Look below for the line that contains "Definition is_unital_graded_bimod", then copy it and each following line exactly, through and including the line that contains "(forall s t p".

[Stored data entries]
------

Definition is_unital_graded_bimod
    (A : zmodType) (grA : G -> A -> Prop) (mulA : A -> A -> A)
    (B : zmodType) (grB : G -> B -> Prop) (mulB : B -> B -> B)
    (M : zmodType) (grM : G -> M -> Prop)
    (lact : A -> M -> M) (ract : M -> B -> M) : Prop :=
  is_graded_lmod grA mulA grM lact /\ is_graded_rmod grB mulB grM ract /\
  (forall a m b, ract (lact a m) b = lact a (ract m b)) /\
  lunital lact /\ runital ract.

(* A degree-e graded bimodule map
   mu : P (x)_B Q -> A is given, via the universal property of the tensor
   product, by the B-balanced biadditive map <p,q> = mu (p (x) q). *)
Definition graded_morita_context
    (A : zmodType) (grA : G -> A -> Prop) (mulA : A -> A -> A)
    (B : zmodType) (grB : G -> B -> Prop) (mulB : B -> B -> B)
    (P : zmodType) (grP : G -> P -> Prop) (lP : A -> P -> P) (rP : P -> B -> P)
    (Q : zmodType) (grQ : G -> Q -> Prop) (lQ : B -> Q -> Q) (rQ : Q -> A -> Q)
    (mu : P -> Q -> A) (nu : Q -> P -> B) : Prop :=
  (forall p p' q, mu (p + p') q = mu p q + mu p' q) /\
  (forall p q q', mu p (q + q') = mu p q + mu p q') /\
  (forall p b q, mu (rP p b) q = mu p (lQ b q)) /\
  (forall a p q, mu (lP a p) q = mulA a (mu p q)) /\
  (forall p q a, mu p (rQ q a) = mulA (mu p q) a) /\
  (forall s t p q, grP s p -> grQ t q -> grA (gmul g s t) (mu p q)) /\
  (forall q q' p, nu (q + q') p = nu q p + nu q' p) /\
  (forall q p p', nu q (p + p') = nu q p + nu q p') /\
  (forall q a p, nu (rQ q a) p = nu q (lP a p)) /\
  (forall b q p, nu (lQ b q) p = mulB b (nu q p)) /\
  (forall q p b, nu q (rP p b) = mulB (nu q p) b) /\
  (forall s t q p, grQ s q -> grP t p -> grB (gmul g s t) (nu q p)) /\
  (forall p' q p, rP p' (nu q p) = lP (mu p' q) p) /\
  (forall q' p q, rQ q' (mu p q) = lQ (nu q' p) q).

------

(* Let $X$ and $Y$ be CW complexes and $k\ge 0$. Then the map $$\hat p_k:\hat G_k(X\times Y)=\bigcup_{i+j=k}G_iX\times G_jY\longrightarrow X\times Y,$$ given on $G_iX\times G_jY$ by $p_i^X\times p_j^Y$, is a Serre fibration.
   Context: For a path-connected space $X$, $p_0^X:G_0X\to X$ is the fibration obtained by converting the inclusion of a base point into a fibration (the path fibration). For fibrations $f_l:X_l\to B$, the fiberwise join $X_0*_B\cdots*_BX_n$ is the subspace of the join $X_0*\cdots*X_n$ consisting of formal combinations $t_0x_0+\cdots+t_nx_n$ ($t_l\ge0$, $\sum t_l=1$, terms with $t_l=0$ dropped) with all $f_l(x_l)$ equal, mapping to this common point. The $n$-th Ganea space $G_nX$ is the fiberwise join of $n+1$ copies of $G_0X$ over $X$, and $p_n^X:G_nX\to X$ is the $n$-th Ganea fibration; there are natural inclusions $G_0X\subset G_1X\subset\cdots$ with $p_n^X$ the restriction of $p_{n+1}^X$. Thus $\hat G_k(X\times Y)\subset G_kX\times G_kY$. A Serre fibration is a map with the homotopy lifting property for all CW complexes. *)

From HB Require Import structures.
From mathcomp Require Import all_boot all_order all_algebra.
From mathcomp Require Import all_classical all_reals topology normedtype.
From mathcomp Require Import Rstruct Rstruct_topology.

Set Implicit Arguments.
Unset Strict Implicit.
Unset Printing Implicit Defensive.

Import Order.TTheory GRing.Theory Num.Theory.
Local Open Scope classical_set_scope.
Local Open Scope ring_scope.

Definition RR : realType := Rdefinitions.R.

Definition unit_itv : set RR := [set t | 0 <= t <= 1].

------

FINISHED EXERCISE:
Definition is_unital_graded_bimod
    (A : zmodType) (grA : G -> A -> Prop) (mulA : A -> A -> A)
    (B : zmodType) (grB : G -> B -> Prop) (mulB : B -> B -> B)
    (M : zmodType) (grM : G -> M -> Prop)
    (lact : A -> M -> M) (ract : M -> B -> M) : Prop :=
  is_graded_lmod grA mulA grM lact /\ is_graded_rmod grB mulB grM ract /\
  (forall a m b, ract (lact a m) b = lact a (ract m b)) /\
  lunital lact /\ runital ract.

(* A degree-e graded bimodule map
   mu : P (x)_B Q -> A is given, via the universal property of the tensor
   product, by the B-balanced biadditive map <p,q> = mu (p (x) q). *)
Definition graded_morita_context
    (A : zmodType) (grA : G -> A -> Prop) (mulA : A -> A -> A)
    (B : zmodType) (grB : G -> B -> Prop) (mulB : B -> B -> B)
    (P : zmodType) (grP : G -> P -> Prop) (lP : A -> P -> P) (rP : P -> B -> P)
    (Q : zmodType) (grQ : G -> Q -> Prop) (lQ : B -> Q -> Q) (rQ : Q -> A -> Q)
    (mu : P -> Q -> A) (nu : Q -> P -> B) : Prop :=
  (forall p p' q, mu (p + p') q = mu p q + mu p' q) /\
  (forall p q q', mu p (q + q') = mu p q + mu p q') /\
  (forall p b q, mu (rP p b) q = mu p (lQ b q)) /\
  (forall a p q, mu (lP a p) q = mulA a (mu p q)) /\
  (forall p q a, mu p (rQ q a) = mulA (mu p q) a) /\
  (forall s t p q, grP s p -> grQ t q -> grA (gmul g s t) (mu p q)) /\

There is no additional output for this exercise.